BEGIN

Theorem mainTheorem4 (R : realType) (beta c : R) (M : nat) (d : nat -> nat) :
  0 < beta -> 0 < c -> c < 1 -> (1 <= M)%N ->
  (forall i j : nat, (i < j)%N -> (j < M)%N -> (d i < d j)%N) ->
  (forall i : nat, (i < M)%N -> (0 < d i)%N) ->
  (forall x : R, PDn M d 0 x beta c = XiD M d x (beta + 1) c) /\
  (forall (n : nat) (x : R), (1 <= n)%N ->
     XiD M d (x + 1) beta c != 0 ->
     c * (beta + M%:R) / XiD M d (x + 1) beta c *
       (XiD M d (x + 1) (beta + 1) c * PDn M d n x beta c
        - XiD M d x (beta + 1) c * PDn M d n (x + 1) beta c)
     = (1 - c) * n%:R * PDn M d n.-1 x (beta + 1) c) /\
  (forall (n : nat) (x : R), (1 <= n)%N ->
     XiD M d x (beta + 1) c != 0 ->
     (c * (x + beta + M%:R) * XiD M d x beta c * PDn M d n.-1 x (beta + 1) c
      - x * XiD M d (x + 1) beta c * PDn M d n.-1 (x - 1) (beta + 1) c)
     / (c * (beta + M%:R) * XiD M d x (beta + 1) c)
     = PDn M d n x beta c).
Proof.
move=> beta_gt0 c_gt0 c_lt1 M_gt0 d_incr _.
split; first exact: PDn0.
by split=> -[|n] x // _ Xi_neq0; [apply: PDn_forward | apply: PDn_backward].
Qed.
(* For every sequent $\Gamma\Rightarrow\Delta$: if $\mathsf{Grz_{Seq}}+\mathsf{cut}\vdash\Gamma\Rightarrow\Delta$, then $\Gamma\Rightarrow\Delta$ is provable in $\mathsf{Grz}_\infty+\mathsf{cut}$.
   Context: Formulas are built from $\bot$ and atomic propositions using $\to$ and $\Box$. A sequent is $\Gamma\Rightarrow\Delta$ with $\Gamma,\Delta$ finite multisets of formulas; $\Box\Pi$ denotes the multiset $\{\Box B:B\in\Pi\}$. Common rules: $(\to_L)$ from $\Gamma,B\Rightarrow\Delta$ and $\Gamma\Rightarrow A,\Delta$ infer $\Gamma,A\to B\Rightarrow\Delta$; $(\to_R)$ from $\Gamma,A\Rightarrow B,\Delta$ infer $\Gamma\Rightarrow A\to B,\Delta$; $(\mathsf{refl})$ from $\Gamma,B,\Box B\Rightarrow\Delta$ infer $\Gamma,\Box B\Rightarrow\Delta$; $(\mathsf{cut})$ from $\Gamma\Rightarrow A,\Delta$ and $\Gamma,A\Rightarrow\Delta$ infer $\Gamma\Rightarrow\Delta$. The finite-proof calculus $\mathsf{Grz_{Seq}}+\mathsf{cut}$ has initial sequents $\Gamma,A\Rightarrow A,\Delta$ (any $A$) and $\Gamma,\bot\Rightarrow\Delta$, the rules $(\to_L),(\to_R),(\mathsf{refl}),(\mathsf{cut})$ and $(\Box_{\mathsf{Grz}})$: from $\Box\Pi,\Box(A\to\Box A)\Rightarrow A$ infer $\Gamma,\Box\Pi\Rightarrow\Box A,\Delta$. The calculus $\mathsf{Grz}_\infty+\mathsf{cut}$ has initial sequents $\Gamma,p\Rightarrow p,\Delta$ ($p$ atomic) and $\Gamma,\bot\Rightarrow\Delta$, the rules $(\to_L),(\to_R),(\mathsf{refl}),(\mathsf{cut})$ and $(\Box)$: from left premise $\Gamma,\Box\Pi\Rightarrow A,\Delta$ and right premise $\Box\Pi\Rightarrow A$ infer $\Gamma,\Box\Pi\Rightarrow\Box A,\Delta$. Proofs in $\mathsf{Grz}_\infty+\mathsf{cut}$ are $\infty$-proofs: possibly infinite trees of sequents built by these rules, with leaves labelled by initial sequents, in which every infinite branch passes through a right premise of $(\Box)$ infinitely often; a sequent is provable if it labels the root of an $\infty$-proof. *)

From Stdlib Require Import List Permutation.
Import ListNotations.

Inductive form : Type :=
| Bot : form
| Var : nat -> form
| Imp : form -> form -> form
| Box : form -> form.

(* A sequent  Gamma => Delta ; the lists are read as multisets: every rule
   below only constrains them up to Permutation. *)
Definition sequent : Type := (list form * list form)%type.

Definition boxes (Pi : list form) : list form := map Box Pi.

Inductive GrzSeq_cut : list form -> list form -> Prop :=
| gs_init : forall G D G0 D0 A,
    Permutation G (A :: G0) -> Permutation D (A :: D0) -> GrzSeq_cut G D
| gs_bot : forall G D G0,
    Permutation G (Bot :: G0) -> GrzSeq_cut G D
| gs_impL : forall G D G0 A B,
    Permutation G (Imp A B :: G0) ->
    GrzSeq_cut (B :: G0) D -> GrzSeq_cut G0 (A :: D) -> GrzSeq_cut G D
| gs_impR : forall G D D0 A B,
    Permutation D (Imp A B :: D0) ->
    GrzSeq_cut (A :: G) (B :: D0) -> GrzSeq_cut G D
| gs_refl : forall G D G0 B,
    Permutation G (Box B :: G0) ->
    GrzSeq_cut (B :: Box B :: G0) D -> GrzSeq_cut G D
| gs_cut : forall G D A,
    GrzSeq_cut G (A :: D) -> GrzSeq_cut (A :: G) D -> GrzSeq_cut G D
| gs_boxGrz : forall G D G0 D0 Pi A,
    Permutation G (G0 ++ boxes Pi) -> Permutation D (Box A :: D0) ->
    GrzSeq_cut (boxes Pi ++ [Box (Imp A (Box A))]) [A] -> GrzSeq_cut G D.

END

_TASK GOAL_
From the line containing "form -> form." down to the last line of the listing above, give every line again exactly, and add nothing.

_ANSWER SPACE_
| Box : form -> form.

(* A sequent  Gamma => Delta ; the lists are read as multisets: every rule
   below only constrains them up to Permutation. *)
Definition sequent : Type := (list form * list form)%type.

Definition boxes (Pi : list form) : list form := map Box Pi.

Inductive GrzSeq_cut : list form -> list form -> Prop :=
| gs_init : forall G D G0 D0 A,
    Permutation G (A :: G0) -> Permutation D (A :: D0) -> GrzSeq_cut G D
| gs_bot : forall G D G0,
    Permutation G (Bot :: G0) -> GrzSeq_cut G D
| gs_impL : forall G D G0 A B,
    Permutation G (Imp A B :: G0) ->
    GrzSeq_cut (B :: G0) D -> GrzSeq_cut G0 (A :: D) -> GrzSeq_cut G D
| gs_impR : forall G D D0 A B,
    Permutation D (Imp A B :: D0) ->
    GrzSeq_cut (A :: G) (B :: D0) -> GrzSeq_cut G D
| gs_refl : forall G D G0 B,
    Permutation G (Box B :: G0) ->
    GrzSeq_cut (B :: Box B :: G0) D -> GrzSeq_cut G D
| gs_cut : forall G D A,
    GrzSeq_cut G (A :: D) -> GrzSeq_cut (A :: G) D -> GrzSeq_cut G D
| gs_boxGrz : forall G D G0 D0 Pi A,
    Permutation G (G0 ++ boxes Pi) -> Permutation D (Box A :: D0) ->
    GrzSeq_cut (boxes Pi ++ [Box (Imp A (Box A))]) [A] -> GrzSeq_cut G D.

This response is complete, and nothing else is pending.